--- Study material ---
(* Let $M\ge2$, $1\le n\le M-1$, and let $k,k'\in\mathfrak{L}_M$ satisfy $k_{n-1}=k_n=k_{n+1}=1$ and $k'=k+e^n$, where $e^n$ is the $n$th standard basis vector of $\mathbb{Z}^{M+1}$. Then, as polynomials, $a(x,k')=-2x_{n-1}x_n\,a(x,k)$; in particular $a(x,k')/a(x,k)=-2x_{n-1}x_n$.
   Context: For $M\geq1$, $\mathfrak{L}_M\subset\mathbb{Z}^{M+1}_{\geq0}$ denotes the set of $k=(k_0,\ldots,k_M)$ with $k_0=1$ such that for all $1\leq n\leq M$, $k_n>0$ implies $k_{n-1}>0$. Vectors are indexed from $0$; $\mathbb{1}=(1,\ldots,1)$; inequalities and $\min$ between vectors are entrywise. Multi-index notation: $x^k=\prod_n x_n^{k_n}$, $\binom{k}{b}=\prod_n\binom{k_n}{b_n}$. For $k\in\mathfrak{L}_M$, $\tilde k=(k_1,\ldots,k_M,0)$, $u=\min\{\mathbb{1},\tilde k\}$, $V(k)=\{b\in\mathbb{Z}^{M+1}: u\le b\le \min\{k,\tilde k\}\}$, and $$a(x,k)=\sum_{b\in V(k)}\binom{k}{b}\binom{\tilde k-u}{b-u}(-x)^{\tilde k-b}x^{k-b}\prod_{n=0}^M(1-x_n^2)^{b_n}.$$ *)

From HB Require Import structures.
From mathcomp Require Import all_boot all_order all_algebra.
Set Implicit Arguments. Unset Strict Implicit. Unset Printing Implicit Defensive.
Import Order.TTheory GRing.Theory Num.Theory.

Definition inL (M : nat) (k : 'I_M.+1 -> nat) : bool :=
  (k ord0 == 1) &&
  [forall i : 'I_M.+1, (0 < i) ==> (0 < k i) ==> (0 < k (inord i.-1))].

Definition ktil (M : nat) (k : 'I_M.+1 -> nat) (i : 'I_M.+1) : nat :=
  if i < M then k (inord i.+1) else 0.

Definition uvec (M : nat) (k : 'I_M.+1 -> nat) (i : 'I_M.+1) : nat :=
  minn 1 (ktil k i).

Definition addE (M : nat) (k : 'I_M.+1 -> nat) (n : 'I_M.+1) (i : 'I_M.+1) : nat :=
  k i + (i == n).

(* bound on the entries of k; every b in V(k) has entries <= kmax k *)
Definition kmax (M : nat) (k : 'I_M.+1 -> nat) : nat := \max_(i < M.+1) k i.

Definition inV (M : nat) (k : 'I_M.+1 -> nat) (b : 'I_M.+1 -> nat) : bool :=
  [forall i : 'I_M.+1, (uvec k i <= b i) && (b i <= minn (k i) (ktil k i))].

Local Open Scope ring_scope.

Definition afun (R : comNzRingType) (M : nat) (x : 'I_M.+1 -> R)
  (k : 'I_M.+1 -> nat) : R :=
  \sum_(b : {ffun 'I_M.+1 -> 'I_(kmax k).+1} | inV k (fun i => nat_of_ord (b i)))
    \prod_(i < M.+1)
      (('C(k i, b i) * 'C(ktil k i - uvec k i, b i - uvec k i))%N%:R
       * (- x i) ^+ (ktil k i - b i)
       * x i ^+ (k i - b i)
       * (1 - x i ^+ 2) ^+ b i).

From HB Require Import structures.
From mathcomp Require Import all_boot all_order all_algebra.
From mathcomp Require Import zify ring.
Import Order.TTheory GRing.Theory Num.Theory.
Local Open Scope ring_scope.

(* The constraint b \in V(k) is a conjunction of independent constraints on the
   entries b_i, and the summand of a(x,k) is a product over i.  Hence a(x,k)
   factorizes as a product over i of one-variable sums which depend only on
   x_i, p = k_i and q = ktil_i ([afun_prod]).  When min(p, q) = 1 such a sum has
   a single term ([coord_factor_single]).
   Passing from k to k' = k + e^n changes k only at n and ktil only at n-1
   ([addE_other], [ktil_addE]), so a(x,k') and a(x,k) share all factors except
   those at n-1 and n.  Under k_{n-1} = k_n = k_{n+1} = 1 these four factors
   are single terms, and comparing them gives the ratio
   (-x_{n-1}) * (2 x_n) = -2 x_{n-1} x_n. *)

Section CoordinateFactor.
Context {R : comNzRingType}.

(* The j-th summand of the coordinate factor with data y = x_i, p = k_i,
   q = ktil_i; note that u_i = min(1, q). *)
Definition coord_term (y : R) (p q j : nat) : R :=
  ('C(p, j) * 'C(q - minn 1 q, j - minn 1 q))%N%:R
  * (- y) ^+ (q - j) * y ^+ (p - j) * (1 - y ^+ 2) ^+ j.

Definition coord_factor (y : R) (p q : nat) : R :=
  \sum_(j < p.+1 | (minn 1 q <= j <= minn p q)%N) coord_term y p q j.

(* If min(p, q) = 1, then the range of summation is {1}. *)
Lemma coord_factor_single (y : R) (p q : nat) : minn p q = 1%N ->
  coord_factor y p q = p%:R * (- y) ^+ (q - 1) * y ^+ (p - 1) * (1 - y ^+ 2).
Proof.
move=> hpq; have [hp hq] : (0 < p)%N /\ (0 < q)%N by split; lia.
have hu : minn 1 q = 1%N by lia.
rewrite /coord_factor (big_pred1 (inord 1)) => [|j]; last first.
  by rewrite hu hpq /= -val_eqE /= inordK //; lia.
rewrite /coord_term inordK ?ltnS // hu subnn bin1 bin0 muln1 expr1.
by rewrite mulr_natl.
Qed.

End CoordinateFactor.

(* The definition lets b_i range up to kmax k, but b_i <= k_i already, so each
   one-variable sum can be cut down to j <= k_i ([widen]). *)
Lemma afun_prod (R : comNzRingType) (M : nat) (x : 'I_M.+1 -> R)
    (k : 'I_M.+1 -> nat) :
  afun x k = \prod_i coord_factor (x i) (k i) (ktil k i).
Proof.
have widen i : coord_factor (x i) (k i) (ktil k i) =
    \sum_(j < (kmax k).+1 | (uvec k i <= j <= minn (k i) (ktil k i))%N)
      coord_term (x i) (k i) (ktil k i) j.
  have hki : (k i <= kmax k)%N by exact: leq_bigmax.
  rewrite /coord_factor (big_ord_widen_cond (kmax k).+1
    (fun j => minn 1 (ktil k i) <= j <= minn (k i) (ktil k i))%N) ?ltnS //.
  apply: eq_bigl => j; apply/andb_idr => /andP [_ hj].
  by rewrite ltnS (leq_trans hj) ?geq_minl.
rewrite (eq_bigr _ (fun i _ => widen i)) bigA_distr_big_dep /afun.
apply: eq_bigl => b; apply/forallP/familyP => hb i; exact: hb i.
Qed.

Section AddBasisVector.
Variables (M : nat) (k : 'I_M.+1 -> nat) (n : 'I_M.+1).

Lemma addE_other (i : 'I_M.+1) : i != n -> addE k n i = k i.
Proof. by rewrite /addE => /negPf ->; rewrite addn0. Qed.

Lemma ktil_addE (i : 'I_M.+1) :
  ktil (addE k n) i = (ktil k i + (i.+1 == n :> nat))%N.
Proof.
rewrite /ktil /addE; case: ltnP => hi; first by rewrite -val_eqE /= inordK.
by have := ltn_ord n; case: eqP => //; lia.
Qed.

End AddBasisVector.

Theorem proposition2p4 (M : nat) (hM : (2 <= M)%N) (n : 'I_M.+1)
  (hn1 : (1 <= n)%N) (hn2 : (n <= M - 1)%N) (k : 'I_M.+1 -> nat)
  (hk : inL k) (hk' : inL (addE k n))
  (hkm : k (inord n.-1) = 1%N) (hkn : k n = 1%N) (hkp : k (inord n.+1) = 1%N) :
  forall (R : comNzRingType) (x : 'I_M.+1 -> R),
    afun x (addE k n) = - 2%:R * x (inord n.-1) * x n * afun x k.
Proof.
move=> R x; set m : 'I_M.+1 := inord n.-1.
have vm : nat_of_ord m = n.-1 by rewrite inordK //; lia.
have mn : m != n by rewrite -val_eqE /= vm; lia.
have ktil_m : ktil k m = 1%N.
  rewrite /ktil vm ifT; last by lia.
  by rewrite prednK // (_ : inord n = n) // inord_val.
have ktil_n : ktil k n = 1%N by rewrite /ktil ifT //; lia.
have ktil'_m : ktil (addE k n) m = 2%N by rewrite ktil_addE ktil_m vm prednK // eqxx.
have ktil'_n : ktil (addE k n) n = 1%N by rewrite ktil_addE ktil_n; lia.
have k'_m : addE k n m = 1%N by rewrite addE_other.
have k'_n : addE k n n = 2%N by rewrite /addE hkn eqxx.
have same_factor i : (i != m) && (i != n) ->
    coord_factor (x i) (addE k n i) (ktil (addE k n) i)
    = coord_factor (x i) (k i) (ktil k i).
  case/andP=> him hin; rewrite addE_other // ktil_addE.
  by rewrite (_ : (i.+1 == n :> nat) = false) ?addn0 //; apply/eqP; move: him;
    rewrite -val_eqE /= vm; lia.
rewrite !afun_prod (bigD1 m) //= (bigD1 n) /= ?(eq_sym n) ?mn //.
rewrite [in RHS](bigD1 m) //= [in RHS](bigD1 n) /= ?(eq_sym n) ?mn //.
rewrite (eq_bigr _ same_factor).
rewrite k'_m ktil'_m k'_n ktil'_n hkn ktil_n hkm ktil_m.
rewrite !coord_factor_single //= !expr0 !expr1.
ring.
Qed.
---
§ **Work order**: Reproduce only the lines from the line containing "case/andP=> him hin;" to the last line of the material above, both of those lines included.

§ **Response area**:
  case/andP=> him hin; rewrite addE_other // ktil_addE.
  by rewrite (_ : (i.+1 == n :> nat) = false) ?addn0 //; apply/eqP; move: him;
    rewrite -val_eqE /= vm; lia.
rewrite !afun_prod (bigD1 m) //= (bigD1 n) /= ?(eq_sym n) ?mn //.
rewrite [in RHS](bigD1 m) //= [in RHS](bigD1 n) /= ?(eq_sym n) ?mn //.
rewrite (eq_bigr _ same_factor).
rewrite k'_m ktil'_m k'_n ktil'_n hkn ktil_n hkm ktil_m.
rewrite !coord_factor_single //= !expr0 !expr1.
ring.
Qed.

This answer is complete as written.